5. We reject Brown’s argument that the special referee erred in assigning too much weight to net asset value.  Although Brown’s experts testified that physical assets were generally never used to determine the value of a temporary services company, Joyner stated the income approach, even for a business that had enjoyed substantial income, was unreliable if, as was the case here, a principal of the company could leave at any time and take a substantial portion of the customer base. 
GOOLSBY and ANDERSON, JJ., and CURETON, A.J., concur.
 The parties believed Phillips, a single mother, would be a more sympathetic defendant in the event of a lawsuit.
 Based on this arrangement, both parties were later indicted for insurance fraud and spent some time in prison.
 The parties agreed Brown’s interest was fifty per cent of this amount and Phillips would pay him for his shares.
 The special referee found December 31, 1995, was the critical date because 1995 was the last year Brown was actively involved with PSI. Neither party appeals this finding.
 See McDuffie v. O’Neal, 324 S.C. 297, 305-06, 476 S.E.2d 702, 706 (Ct. App. 1996) (recognizing the negative impact of the absence of a covenant not to compete on the value of a corporation and imposing such a covenant rather than changing the value).
 See 88 C.J.S. Trial § 208 at 415 (1955) (“In weighing evidence the law makes no distinction between expert testimony and evidence of any other character, and it is for the trier of the facts to determine the weight to be given to any evidence.”), quoted in Smith v. Smith, 294 S.C. 194, 200, 363 S.E.2d 404, 408 (Ct. App. 1987).

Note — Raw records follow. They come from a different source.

(* Let $L$ be a regular zero-one language and $\mathcal{A}_L=\langle Q,A,\cdot,q_0,F\rangle$ its minimal automaton. Then for every subset $P\subseteq Q$, the language $\mathrm{Past}(P)=\{w\in A^*: q_0\cdot w\in P\}$ is also a zero-one language.
   Context: $\mu(L)=\lim_{n\to\infty}|L\cap A^n|/|A|^n$ when it exists; a zero-one language is a regular language $L$ with $\mu(L)$ existing and in $\{0,1\}$. Automata are complete, deterministic, finite, accessible. *)

From HB Require Import structures.
From mathcomp Require Import all_boot all_order all_algebra.
Set Implicit Arguments. Unset Strict Implicit. Unset Printing Implicit Defensive.
Import Order.TTheory GRing.Theory Num.Theory.
Local Open Scope ring_scope.

Record dfa (A : finType) := DFA {
  dstate : finType;
  ddelta : dstate -> A -> dstate;
  dinit  : dstate;
  dfinal : pred dstate }.

Definition run {A : finType} (D : dfa A) (q : dstate D) (w : seq A) : dstate D :=
  foldl (@ddelta A D) q w.
Arguments run {A} D q w.
Arguments dinit {A} d.

Definition accept {A : finType} (D : dfa A) (w : seq A) : bool :=
  @dfinal A D (run D (dinit D) w).

Definition accessible (A : finType) (D : dfa A) : Prop :=
  forall q : dstate D, exists w : seq A, run D (dinit D) w = q.

Definition recognizes (A : finType) (D : dfa A) (L : pred (seq A)) : Prop :=
  forall w, L w = accept D w.

Definition regular (A : finType) (L : pred (seq A)) : Prop :=
  exists D : dfa A, recognizes D L.

Definition minimal_automaton (A : finType) (D : dfa A) (L : pred (seq A)) : Prop :=
  [/\ accessible D, recognizes D L &
      forall D' : dfa A, recognizes D' L -> (#|dstate D| <= #|dstate D'|)%N ].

 922 F. Supp. 1093 (D.S.C. 1995).
 This section provides in pertinent part as follows:
(d) In any action filed by a shareholder to dissolve the corporation . . . the court may make such order or grant such relief, other than dissolution, as in its discretion is appropriate, including, without limitation, an order:
. . . .
(4) providing for the purchase at their fair value of shares of any shareholder, either by the corporation or by other shareholders.
S.C. Code Ann. § 33-14-310(d)(4) (1990).
 Morrow, 922 F. Supp. at 1105 (emphasis added).

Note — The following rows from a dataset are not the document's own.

(* Let $N\ge 2$, let $D^N_1,\ldots,D^N_N$ satisfy (A1)–(A3) below, let lower-level demands $D^n_i$ be defined by the consistency recursion below and satisfy (A4), and let costs satisfy $0\le s_1\le s_2\le\cdots\le s_N$. Fix $n\in\{1,\ldots,N-1\}$ and prices $p_1,\ldots,p_{n-1}\ge 0$. If $D^n_n(p_1,\ldots,p_{n-1},s_n)\le 0$, then $D^{n+1}_{n+1}(p_1,\ldots,p_{n-1},s_n,s_{n+1})\le 0$.
   Context: (A1) Each $D_i^N:\mathbb{R}_+^N\to\mathbb{R}$ is smooth, $D_N^N(0,\ldots,0)>0$, $\partial D_i^N/\partial p_i<0$, $\partial D_i^N/\partial p_j>0$ for $j\ne i$. (A2) Exchangeability: $D_i^N(p_1,\ldots,p_i,\ldots,p_j,\ldots,p_N)=D_j^N(p_1,\ldots,p_j,\ldots,p_i,\ldots,p_N)$ for all $i,j$ (entries $i,j$ swapped). (A3) For every $i$ and every vector of other prices there is a finite choke price at which $D_i^N=0$. Consistency recursion: for $n=N-1,\ldots,1$, $D_i^n(p_1,\ldots,p_n)=D_i^{n+1}(p_1,\ldots,p_n,\hat p_{n+1})$ for $i\le n$, where $\hat p_{n+1}(p_1,\ldots,p_n)$ is the unique price with $D^{n+1}_{n+1}(p_1,\ldots,p_n,\hat p_{n+1})=0$. (A4) $\partial D^n_i/\partial p_i<0$ for all $n\le N-1$, $i\le n$. *)

From HB Require Import structures.
From mathcomp Require Import all_boot all_order all_algebra.
From mathcomp Require Import all_classical all_reals all_analysis.
Set Implicit Arguments. Unset Strict Implicit. Unset Printing Implicit Defensive.
Import Order.TTheory GRing.Theory Num.Theory.
Import numFieldNormedType.Exports.
Local Open Scope classical_set_scope.
Local Open Scope ring_scope.

Section Defs.
Variable R : realType.

(* price vectors of an n-firm market: row vectors; entry j is the price of firm j+1 *)
Definition nonneg n (p : 'rV[R]_n) : Prop := forall j : 'I_n, 0 <= p 0 j.

Definition ext n (p : 'rV[R]_n) (q : R) : 'rV[R]_n.+1 :=
  \row_(j < n.+1) (if unlift ord_max j is Some k then p 0 k else q).

Definition upd n (p : 'rV[R]_n) (i : 'I_n) (c : R) : 'rV[R]_n :=
  \row_(j < n) (if j == i then c else p 0 j).

(* partial derivative w.r.t. p_i, for a function defined on the closed
   orthant R_+^n (one-sided at the boundary p_i = 0) *)
Definition has_pderiv n (f : 'rV[R]_n -> R) (p : 'rV[R]_n) (i : 'I_n) (d : R)
  : Prop :=
  (fun h : R => h^-1 * (f (upd p i (p 0 i + h)) - f p))
     @ within [set h : R | 0 <= p 0 i + h] (dnbhs (0 : R)) --> d.

Fixpoint iter_dir n (vs : seq 'rV[R]_n) (f : 'rV[R]_n -> R) : 'rV[R]_n -> R :=
  if vs is v :: vs' then 'D_v (iter_dir vs' f) else f.

Definition smooth n (f : 'rV[R]_n -> R) : Prop :=
  forall vs : seq 'rV[R]_n,
    continuous (iter_dir vs f) /\
    forall (v x : 'rV[R]_n), derivable (iter_dir vs f) x v.

End Defs.

From HB Require Import structures.
From mathcomp Require Import all_boot all_order all_algebra all_fingroup.
From mathcomp Require Import all_classical all_reals all_analysis.
From mathcomp Require Import lra zify.
Set Implicit Arguments. Unset Strict Implicit. Unset Printing Implicit Defensive.
Import Order.TTheory GRing.Theory Num.Theory.
Import numFieldNormedType.Exports.
Local Open Scope classical_set_scope.
Local Open Scope ring_scope.

(* Write P = (p_1, ..., p_{n-1}, s_n) and let q be the choke price of firm
   n+1 at P, so that D^n_i(P) = D^{n+1}_i(P, q).  If q > s_n, raise firm n's
   price from s_n to q: by gross substitutability the demand of firm n+1 does
   not fall, and both firms now charge q.  Lowering firm n+1's price back to
   s_n strictly raises its demand, and by exchangeability the result is
   D^n_n(P) <= 0, contradicting D^{n+1}_{n+1}(P, q) = 0.  Hence
   q <= s_n <= s_{n+1}, and since own demand decreases in own price,
   D^{n+1}_{n+1}(P, s_{n+1}) <= D^{n+1}_{n+1}(P, q) = 0.
   Exchangeability and gross substitutability are assumed for N firms only;
   they descend through the consistency recursion one level at a time, using
   that the choke price is nondecreasing in the other prices. *)

Section HalfLine.
Context {R : realType}.
Implicit Types (f : R -> R) (t d : R).

Definition has_derive_halfline f t d : Prop :=
  (fun h : R => h^-1 * (f (t + h) - f t))
     @ within [set h : R | 0 <= t + h] (dnbhs (0 : R)) --> d.

Lemma has_derive_halfline_is_derive f t d : 0 < t -> has_derive_halfline f t d ->
  is_derive t 1 f d.
Proof.
move=> t0 fd.
have near_dom : \forall h \near (0 : R)^', 0 <= t + h.
  apply: cvg_within; apply/nbhs_normP; exists t => //= h.
  rewrite /ball_ /= sub0r normrN => ht.
  by have := ler_norm (- h); rewrite normrN; lra.
have quot : (fun h : R => h^-1 *: ((f \o shift t) (h *: 1) - f t)) @ 0^' --> d.
  have -> : (fun h : R => h^-1 *: ((f \o shift t) (h *: 1) - f t)) =
            (fun h => h^-1 * (f (t + h) - f t)).
    by apply/funext => h /=; rewrite /GRing.scale /= mulr1 (addrC h).
  apply: cvg_trans fd => P /=; rewrite !nbhs_simpl /=.
  by apply: filterS2 near_dom => h Dh; apply.
have df : derivable f t 1 by apply/cvg_ex; exists d.
have <- : 'D_1 f t = d by exact: cvg_lim.
exact: derivableP.
Qed.

Lemma has_derive_halfline_lt0_right f t d b : 0 <= t -> d < 0 ->
  has_derive_halfline f t d -> t < b -> exists2 c, t < c < b & f c < f t.
Proof.
move=> t0 d0 fd tb.
have quot_neg : \forall h \near 0^'+, h^-1 * (f (t + h) - f t) < 0.
  have : \forall h \near within [set h | 0 <= t + h] 0^',
      h^-1 * (f (t + h) - f t) < 0 by exact: cvgr_lt fd _ d0.
  rewrite !near_withinE; apply: filterS => h qneg h0.
  by apply: qneg; [rewrite gt_eqF | rewrite /= addr_ge0 // ltW].
have near_right : \forall h \near 0^'+,
    0 < h < b - t /\ h^-1 * (f (t + h) - f t) < 0.
  near=> h; split; last by near: h.
  apply/andP; split; near: h; first exact: nbhs_right_gt.
  by apply: nbhs_right_lt; rewrite subr_gt0.
have [h [/andP[h0 hb] qneg]] := filter_ex near_right.
exists (t + h); first by rewrite ltrDl h0 -ltrBrDl hb.
by move: qneg; rewrite pmulr_rlt0 ?invr_gt0 // subr_lt0.
Unshelve. all: by end_near. Qed.

Lemma has_derive_halfline_lt0_decr f :
  (forall t, 0 <= t -> exists2 d, d < 0 & has_derive_halfline f t d) ->
  forall a b, 0 <= a -> a < b -> f b < f a.
Proof.
move=> fd a b a0 ab.
(* Only a right derivative exists at [a], so first step right to some [c]
   with [f c < f a]; on [[c, b]] the function is differentiable. *)
have [d d0 fad] := fd a a0.
have [c /andP[ac cb] fca] := has_derive_halfline_lt0_right a0 d0 fad ab.
apply: lt_trans fca.
have c0 : 0 < c := le_lt_trans a0 ac.
have der x : c <= x -> derivable f x 1 /\ 'D_1 f x < 0.
  move=> cx; have x0 := lt_le_trans c0 cx.
  have [dx dx0 fdx] := fd x (ltW x0).
  by have [dfx ->] := has_derive_halfline_is_derive x0 fdx.
have in_cb x : x \in `]c, b[ -> c <= x by rewrite in_itv /= => /andP[/ltW].
apply: (@ltr0_derive1_lt_cc _ f c b) => //.
- by move=> x /in_cb /der [].
- by move=> x /in_cb /der []; rewrite derive1E.
- apply: derivable_within_continuous => x.
  by rewrite in_itv /= => /andP[/der []].
- by rewrite in_itv /= lexx ltW.
- by rewrite in_itv /= lexx ltW.
Qed.
End HalfLine.

Lemma tpermM_conj (T : finType) (i j l : T) : l != i -> l != j -> i != j ->
  (tperm j l * tperm i j * tperm l i)%g = tperm i j.
Proof.
move=> li lj ij; apply/permP => x; rewrite !permM.
case: (tpermP j l x) => [->|->|/eqP xj /eqP xl].
- by rewrite tpermR [tperm i j l]tpermD 1?eq_sym // tpermL.
- by rewrite tpermR [tperm i j l]tpermD 1?eq_sym // tpermR.
have [->|xi] := eqVneq x i; first by rewrite tpermL tpermD.
by rewrite !tpermD // eq_sym.
Qed.

Section PriceVectors.
Context {R : realType}.
Implicit Types (n : nat) (c q t : R).

Lemma lift_max_widen n (i : 'I_n) : lift ord_max i = widen_ord (leqnSn n) i.
Proof. by apply: val_inj; exact: lift_max. Qed.

Lemma widen_neq_max n (i : 'I_n) : widen_ord (leqnSn n) i != ord_max.
Proof. by rewrite -lift_max_widen eq_sym neq_lift. Qed.

Lemma eq_widen_ord n (i j : 'I_n) :
  (widen_ord (leqnSn n) i == widen_ord (leqnSn n) j) = (i == j).
Proof. by []. Qed.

 See Belk of Spartanburg v. Thompson, 337 S.C. 109, 124, 522 S.E.2d 357, 365 (Ct. App. 1999) (“Appraisal is not an exact science, and the precise weight to be given to any factor is necessarily a matter of judgment for the court in the light of circumstances in each case.”) (citing Santee Oil Co. v. Cox, 265 S.C. 270, 277, 217 S.E.2d. 789, 793 (1975)).

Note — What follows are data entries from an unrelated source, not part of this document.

Local Notation A := (M *m Xc).
Local Notation B := (M *m Xc *m Lc + D *m Xc).
Local Notation Q_update Z :=
  (qeval (M + A *m Z *m U) (D + (A *m Z *m V + B *m Z *m U)) (Km + B *m Z *m V)).

Lemma update_shifted_pair T Z : Z *m W Xc T = Lc - T -> Q_update Z Xc T = 0.
Proof.
move=> ZW; rewrite qeval_lowrank_update /= -!(mulmxA _ Z) ZW qeval_shift.
exact: Xc_Lc_pair.
Qed.

Lemma update_disjoint_pair (L : closedFieldType) (emb : {rmorphism K -> L}) Z q
    (Xf : 'M_(n, q)) Lf :
    qeval M D Km Xf Lf = 0 ->
    (forall z, ~ (z \in spectrum emb Lc /\ z \in spectrum emb ((e1 * e2) *: star Lf))) ->
  Q_update Z Xf Lf = 0.
Proof.
move=> Xf_pair disj; rewrite qeval_lowrank_update /= (W_eq0 Xf_pair disj) Xf_pair.
by rewrite !mulmx0 mul0mx !addr0.
Qed.

Lemma update_sym T :
    W Xc T \in unitmx -> W Xc Lc *m T = e1 *: star (W Xc Lc *m T) ->
  let Z := (Lc - T) *m invmx (W Xc T) in
  [/\ star (M + A *m Z *m U) = e1 *: (M + A *m Z *m U),
      star (D + (A *m Z *m V + B *m Z *m U)) = e2 *: (D + (A *m Z *m V + B *m Z *m U))
    & star (Km + B *m Z *m V) = e1 *: (Km + B *m Z *m V)].
Proof.
move=> R_unit S_sym Z.
have starA : star A = e1 *: U by rewrite starM starM_sym -scalemxAr.
have starB : star B = e2 *: V.
  rewrite starD !starM starM_sym starD_sym.
  by sign_cases e1_sign e2_sign; mx_ring.
exact: (star_lowrank_update f_involutive e1_sign e2_sign starA starB (star_Z_sym R_unit S_sym)).
Qed.

End StructuredPerturbation.

Lemma thm38_over_involutive (K : fieldType) (L : closedFieldType)
    (f : {rmorphism K -> K}) (emb : {rmorphism K -> L}) :
  involutive f -> thm38_over f emb.
Proof.
move=> f_invol st e1 e2 n p1 p2 M D Km Xc Lc Xf Lf La P e1_sign e2_sign hM hD hK
  Xc_pair Xf_pair P_unit star T R R_unit disj Z XcS LcS dM dD dK Xa.
subst star.
have TP : T *m P = P *m La by rewrite mulmxKV.
have R_eq : R = XcS *m M *m Xc *m T + ((e1 * e2) *: LcS *m XcS *m M + XcS *m D) *m Xc.
  by rewrite /R; mx_ring.
have ZR : Z *m R = Lc - T by rewrite mulmxKV.
have Z_eq : Z = (Lc - T) *m invmx R by [].
rewrite R_eq in R_unit ZR Z_eq; clearbody T Z.
have [-> -> ->] : [/\ dM = M *m Xc *m Z *m (XcS *m M),
    dD = M *m Xc *m Z *m ((e1 * e2) *: LcS *m XcS *m M + XcS *m D)
         + (M *m Xc *m Lc + D *m Xc) *m Z *m (XcS *m M)
  & dK = (M *m Xc *m Lc + D *m Xc) *m Z *m ((e1 * e2) *: LcS *m XcS *m M + XcS *m D)].
  by split; rewrite /dM /dD /dK; mx_ring.
split.
- apply: etrans (qeval_intertwine _ _ _ _ TP) _.
  by rewrite (update_shifted_pair Xc_pair ZR) mul0mx.
- exact: (update_disjoint_pair f_invol e1_sign e2_sign hM hD hK Xc_pair Z Xf_pair disj).
move=> S S_sym.
have S_eq : S = XcS *m M *m Xc *m Lc + ((e1 * e2) *: LcS *m XcS *m M + XcS *m D) *m Xc.
  by rewrite /S; mx_ring.
rewrite S_eq in S_sym; rewrite Z_eq.
exact: (update_sym f_invol e1_sign e2_sign hM hD hK Xc_pair R_unit S_sym).
Qed.

Unset Implicit Arguments.

Theorem theorem3p8 (R : realType) :
  thm38_over (@id R) (real_complex R) /\
  thm38_over (fun z : R[i] => Num.conj z) (@id R[i]).
Proof.
split; first exact: (@thm38_over_involutive R R[i] idfun (real_complex R) (fun _ => erefl)).
exact: (@thm38_over_involutive R[i] R[i] Num.conj idfun (@conjCK R[i])).
Qed.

 See Noisette v. Ismail, 304 S.C. 56, 58, 403 S.E.2d 122, 124 (1991) (holding that, when the trial court does not explicitly rule on a question and the appellant fails to make a motion under Rule 59(e), SCRCP, to amend or alter the judgment on that ground, the issue is not properly before the court of appeals and should not be addressed).
 Although the special referee “accepted, for the most part, the valuation analysis undertaken by Joyner,” he “adjusted . . . the relative weights given by Joyner using the income and asset approaches,” assigning a weight of fifty per cent to each, as opposed to Joyner’s decision to assign ten per cent to income and ninety per cent to the assets of PSI.
 See Santee Oil Co. v. Cox , 265 S.C. 270, 273, 217 S.E.2d. 789, 791 (1975) (noting “‘fair value’ does not restrict the appraising court to the use of any one method of valuation”).